Definition expand_sig (sg : seq nat) i m :=
  expand_nth (map (expand_index (nth 0 sg i) m) sg) i (iota (nth 0 sg i) m).

Lemma nth_expand_sig_block sg i m k : i < size sg -> k < m ->
  nth 0 (expand_sig sg i m) (i + k) = nth 0 sg i + k.
Proof. by move=> lt_i lt_k; rewrite nth_expand_nth_block ?size_map ?size_iota // nth_iota. Qed.

Lemma nth_expand_sig_index sg i m y : i < size sg -> y < size sg -> y != i ->
  nth 0 (expand_sig sg i m) (expand_index i m y) = expand_index (nth 0 sg i) m (nth 0 sg y).
Proof.
move=> lt_i lt_y neq_yi.
have := @nth_expand_nth_index _ 0 (map (expand_index (nth 0 sg i) m) sg) (iota (nth 0 sg i) m) i y.
by rewrite size_iota size_map (nth_map 0) //; apply.
Qed.

Lemma nth_perm_iota_lt sg N x : perm_eq sg (iota 0 N) -> x < N -> nth 0 sg x < N.
Proof.
move=> perm_sg lt_x; have : nth 0 sg x \in sg by rewrite mem_nth // (perm_size perm_sg) size_iota.
by rewrite (perm_mem perm_sg) mem_iota.
Qed.

Lemma nth_perm_iota_inj sg N x y : perm_eq sg (iota 0 N) -> x < N -> y < N ->
  nth 0 sg x = nth 0 sg y -> x = y.
Proof.
move=> perm_sg lt_x lt_y /eqP; have size_sg : size sg = N by rewrite (perm_size perm_sg) size_iota.
by rewrite nth_uniq ?size_sg ?(perm_uniq perm_sg) ?iota_uniq // => /eqP.
Qed.

Lemma perm_expand_sig sg N i m : perm_eq sg (iota 0 N) -> i < N ->
  perm_eq (expand_sig sg i m) (iota 0 (N + m - 1)).
Proof.
move=> perm_sg lt_iN; set p := nth 0 sg i; set f := expand_index p m.
have size_sg : size sg = N by rewrite (perm_size perm_sg) size_iota.
have lt_pN : p < N by apply: nth_perm_iota_lt.
have iota_N : iota 0 N = iota 0 p ++ p :: iota p.+1 (N - p.+1).
  by rewrite -{1}(subnKC lt_pN) iotaD -addn1 iotaD -catA.
have perm_rest : perm_eq (take i sg ++ drop i.+1 sg) (iota 0 p ++ iota p.+1 (N - p.+1)).
  rewrite -(perm_cons p); apply: perm_trans (permEl (perm_catCA [:: p] _ _)) _.
  rewrite /= -drop_nth ?size_sg // cat_take_drop; apply: perm_trans perm_sg _.
  by rewrite iota_N; apply: permEl (perm_catCA _ [:: p] _).
apply: perm_trans (perm_expand_nth _ _ _) _.
rewrite -map_take -map_drop -map_cat.
apply: perm_trans (_ : perm_eq _ (iota p m ++ map f (iota 0 p ++ iota p.+1 (N - p.+1)))) _.
  by rewrite perm_cat2l; apply: perm_map.
rewrite map_cat map_expand_index_low ?add0n // map_expand_index_high //.
rewrite (_ : p.+1 + m - 1 = p + m); last by lia.
rewrite perm_catCA iota_cat3 (_ : p + m + (N - p.+1) = N + m - 1) ?perm_refl //; lia.
Qed.

Lemma size_expand_sig sg i m : i < size sg -> size (expand_sig sg i m) = size sg + m - 1.
Proof. by move=> lt_i; rewrite size_expand_nth size_map ?size_iota. Qed.

Lemma nth_expand_sig sg i m x : i < size sg -> x < size sg + m - 1 ->
  nth 0 (expand_sig sg i m) x =
  if x < i then expand_index (nth 0 sg i) m (nth 0 sg x)
  else if x < i + m then nth 0 sg i + (x - i)
  else expand_index (nth 0 sg i) m (nth 0 sg (x - m + 1)).
Proof.
move=> lt_i lt_x; rewrite nth_expand_nth ?size_map // size_iota.
case: ltnP => [lt_xi | le_ix]; first by rewrite (nth_map 0) //; lia.
case: ltnP => [lt_xim | le_imx]; first by rewrite nth_iota; lia.
by rewrite (nth_map 0) //; lia.
Qed.

Ltac case_inner_ifs :=
  repeat match goal with
  | |- context [if ?b then _ else _] =>
      lazymatch b with
      | context [if _ then _ else _] => fail
      | _ => case: (boolP b) => ? /=
      end
  end.

Lemma nth_rot_iota N r x : r < N -> x < N ->
  nth 0 (rot r (iota 0 N)) x = if x < N - r then x + r else x + r - N.
Proof.
move=> lt_rN lt_xN; rewrite /rot nth_cat size_drop size_iota.
case: ltnP => [lt_x | le_x]; first by rewrite nth_drop nth_iota; lia.
by rewrite nth_take ?nth_iota; lia.
Qed.

Lemma expand_sig_rot N r i m : r < N -> i < N -> 0 < m ->
  expand_sig (rot r (iota 0 N)) i m =
  rot (if i < N - r then r else r + m - 1) (iota 0 (N + m - 1)).
Proof.
move=> lt_rN lt_iN m_gt0; have size_sg : size (rot r (iota 0 N)) = N by rewrite size_rot size_iota.
apply: (@eq_from_nth _ 0); rewrite size_expand_sig size_sg ?size_rot ?size_iota //.
move=> x lt_x; rewrite nth_expand_sig ?size_sg // /expand_index.
by case: ltnP => ?; [|case: ltnP => ?]; rewrite !nth_rot_iota; try lia; case_inner_ifs; lia.
Qed.

(** * Infinite words *)

Section Words.
Variable n : nat.
Implicit Types (x y : seq 'I_n) (t w : iword n).

Definition prepend x t : iword n :=
  fun m => if m < size x then nth (t 0) x m else t (m - size x).

Definition dropw k w : iword n := fun m => w (m + k).

Lemma prepend0 t : prepend [::] t = t.
Proof. by apply: functional_extensionality => m; rewrite /prepend subn0. Qed.

Lemma prepend_nth d x t m : m < size x -> prepend x t m = nth d x m.
Proof. by move=> lt_m_x; rewrite /prepend lt_m_x; apply: set_nth_default. Qed.

Lemma prepend_addl x t m : prepend x t (size x + m) = t m.
Proof. by rewrite /prepend ltnNge leq_addr addKn. Qed.

Lemma prepend_cat x y t : prepend x (prepend y t) = prepend (x ++ y) t.
Proof.
apply: functional_extensionality => m; rewrite /prepend size_cat nth_cat.
case: (ltnP m (size x)) => [lt_m_x | le_x_m].
  by rewrite ltn_addr //; apply: set_nth_default.
case: ltnP => [lt_m_y | le_y_m]; first by rewrite ifT; [|lia].
by rewrite ifF ?subnDA //; lia.
Qed.

Lemma prepend_inj x : injective (prepend x).
Proof.
move=> t1 t2 eq_t; apply: functional_extensionality => m.
by have := congr1 (fun w => w (size x + m)) eq_t; rewrite !prepend_addl.
Qed.

Lemma dropw_prepend x t : dropw (size x) (prepend x t) = t.
Proof. by apply: functional_extensionality => m; rewrite /dropw addnC prepend_addl. Qed.

Lemma prefixb_prepend x t : prefixb x (prepend x t).
Proof.
apply/eqP; case: x => [|a x] //; apply: (@eq_from_nth _ a); rewrite size_mkseq //.
by move=> m lt_m; rewrite nth_mkseq // (prepend_nth a).
Qed.

Lemma prepend_dropw x w : prefixb x w -> prepend x (dropw (size x) w) = w.
Proof.
move/eqP=> eq_x; apply: functional_extensionality => m; rewrite /prepend /dropw.
by case: ltnP => [lt_m_x | /subnK -> //]; rewrite -{2}eq_x nth_mkseq.
Qed.

Lemma splice_prepend x y t : splice y x (prepend x t) = prepend y t.
Proof.
apply: functional_extensionality => m; rewrite /splice /prepend.
by case: ltnP => [lt_my | le_ym]; [apply: set_nth_default | rewrite ltnNge leq_addl addnK].
Qed.

Lemma prefixb_cons (a : 'I_n) x w :
  prefixb (a :: x) w = (w 0 == a) && prefixb x (dropw 1 w).
Proof.
rewrite /prefixb /mkseq /= eqseq_cons -(addn0 1) iotaDl -map_comp.
by congr (_ && (_ == _)); apply: eq_map => m; rewrite /dropw /= addnC.
Qed.

Lemma prepend_head w : prepend [:: w 0] (dropw 1 w) = w.
Proof. by apply: prepend_dropw; rewrite prefixb_cons eqxx. Qed.

Lemma prepend_comparable x y t1 t2 :
  prepend x t1 = prepend y t2 -> prefix x y || prefix y x.
Proof.
wlog le_xy : x y t1 t2 / size x <= size y => [wlog_le | eq_w].
  by case: (leqP (size x) (size y)) => [|/ltnW] le eq_w;
    [exact: wlog_le eq_w | rewrite orbC; exact: wlog_le (esym eq_w)].
apply/orP; left; rewrite prefixE; case: x le_xy eq_w => [|a x] le_xy eq_w.
  by rewrite take0.
apply/eqP/(@eq_from_nth _ a); rewrite size_takel // => m lt_m.
have := congr1 (fun w => w m) eq_w.
by rewrite nth_take // (prepend_nth a) // (prepend_nth a) //; apply: leq_trans le_xy.
Qed.

Lemma prefixb_comparable x y w :
  prefixb x w -> prefixb y w -> prefix x y || prefix y x.
Proof.
move=> /prepend_dropw eq_x /prepend_dropw eq_y.
by apply: (@prepend_comparable _ _ (dropw (size x) w) (dropw (size y) w)); rewrite eq_x eq_y.
Qed.

Hypothesis n_gt1 : 1 < n.

Lemma exists_neq (c : 'I_n) : exists c', c' != c.
Proof.
have [n0 n1] : 0 < n /\ 1 < n by lia.
case: (eqVneq c (Ordinal n0)) => [-> | neq_c]; first by exists (Ordinal n1).
by exists (Ordinal n0); rewrite eq_sym.
Qed.

Lemma prepend_split x y (F : iword n -> iword n) :
  (forall t, prepend x (F t) = prepend y t) ->
  exists2 z, y = x ++ z & forall t, F t = prepend z t.
Proof.
move=> eq_F; pose d0 := Ordinal (ltnW n_gt1).
have le_xy : size x <= size y.
  rewrite leqNgt; apply/negP => lt_yx.
  have [c' neq_c'] := exists_neq (nth d0 x (size y)).
  have := congr1 (fun w => w (size y + 0)) (eq_F (fun=> c')).
  rewrite prepend_addl addn0 (prepend_nth d0) // => eq_c.
  by rewrite -eq_c eqxx in neq_c'.
have /prefixP[z eq_y] : prefix x y.
  case/orP: (prepend_comparable (eq_F (fun=> d0))) => // /prefixP[z eq_x].
  suff z0 : z = [::] by rewrite eq_x z0 cats0 prefix_refl.
  by apply/eqP; rewrite -size_eq0 -leqn0 -(leq_add2l (size y)) addn0 -size_cat -eq_x.
by exists z => // t; apply: (@prepend_inj x); rewrite prepend_cat -eq_y eq_F.
Qed.

Lemma prepend_uniq x y : (forall t, prepend x t = prepend y t) -> x = y.
Proof.
move=> eq_xy; have [[|c z] -> eq_z] := prepend_split (F := id) eq_xy; first by rewrite cats0.
have [c' neq_c'] := exists_neq c.
have := congr1 (fun w => w 0) (eq_z (fun=> c')); rewrite /prepend /= => eq_c.
by rewrite -eq_c eqxx in neq_c'.
Qed.

End Words.

(** * Trees and grafting *)

Definition proper_prefix (A : eqType) (x y : seq A) := prefix x y && (size x < size y).

Lemma proper_prefix_cons (A : eqType) (a : A) x y :
  proper_prefix (a :: x) (a :: y) = proper_prefix x y.
Proof. by rewrite /proper_prefix /= eqxx. Qed.

Lemma lt_size_nth_rcons (A : Type) (s : seq (seq A)) i q a :
  nth [::] s i = rcons q a -> i < size s.
Proof. by rewrite ltnNge; apply: contraPN => /(nth_default [::]) ->; case: q. Qed.

Section Trees.
Variable n : nat.
Implicit Types (T : ntree n) (f : 'I_n -> ntree n) (x y l : seq 'I_n) (w : iword n).

Definition internal T x := exists2 l, l \in leaves T & proper_prefix x l.

Lemma mem_leaves_Node f x :
  (x \in leaves (Node f)) = (if x is a :: y then y \in leaves (f a) else false).
Proof.
apply/flattenP/idP => [[_ /mapP[a _ ->] /mapP[y y_leaf ->]] // | ].
case: x => // a y y_leaf; exists [seq a :: l | l <- leaves (f a)]; last exact: map_f.
by apply: map_f; rewrite mem_ord_enum.
Qed.

Lemma leaves_Node_split f a :
  exists L1 L2, leaves (Node f) = L1 ++ map (cons a) (leaves (f a)) ++ L2.
Proof.
rewrite /=; case: (splitPr (mem_ord_enum a)) => E1 E2; rewrite map_cat flatten_cat.
by do 2 eexists.
Qed.

Lemma leaves_uniq T : uniq (leaves T).
Proof.
elim: T => [|f IH] //=.
apply: (@allpairs_uniq_dep _ (fun=> _) _ (fun a l => a :: l)) => //.
  exact: ord_enum_uniq.
by move=> [a x] [b y] _ _ /= [-> ->].
Qed.

Lemma leaves_prefix_free T l1 l2 :
  l1 \in leaves T -> l2 \in leaves T -> prefix l1 l2 -> l1 = l2.
Proof.
elim: T l1 l2 => [|f IH] l1 l2; first by rewrite !inE => /eqP -> /eqP ->.
rewrite !mem_leaves_Node; case: l1 l2 => [|a l1] [|b l2] //= l1_leaf l2_leaf.
by case/andP => /eqP eq_ab; subst b => /(IH a _ _ l1_leaf l2_leaf) ->.
Qed.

◆ Task prompt ◆
The first line of the listing above through the line containing "Proof. by move=> lt_i lt_k;": print exactly that, both ends included.

◆ Output for this task ◆
Definition expand_sig (sg : seq nat) i m :=
  expand_nth (map (expand_index (nth 0 sg i) m) sg) i (iota (nth 0 sg i) m).

Lemma nth_expand_sig_block sg i m k : i < size sg -> k < m ->
  nth 0 (expand_sig sg i m) (i + k) = nth 0 sg i + k.
Proof. by move=> lt_i lt_k; rewrite nth_expand_nth_block ?size_map ?size_iota // nth_iota. Qed.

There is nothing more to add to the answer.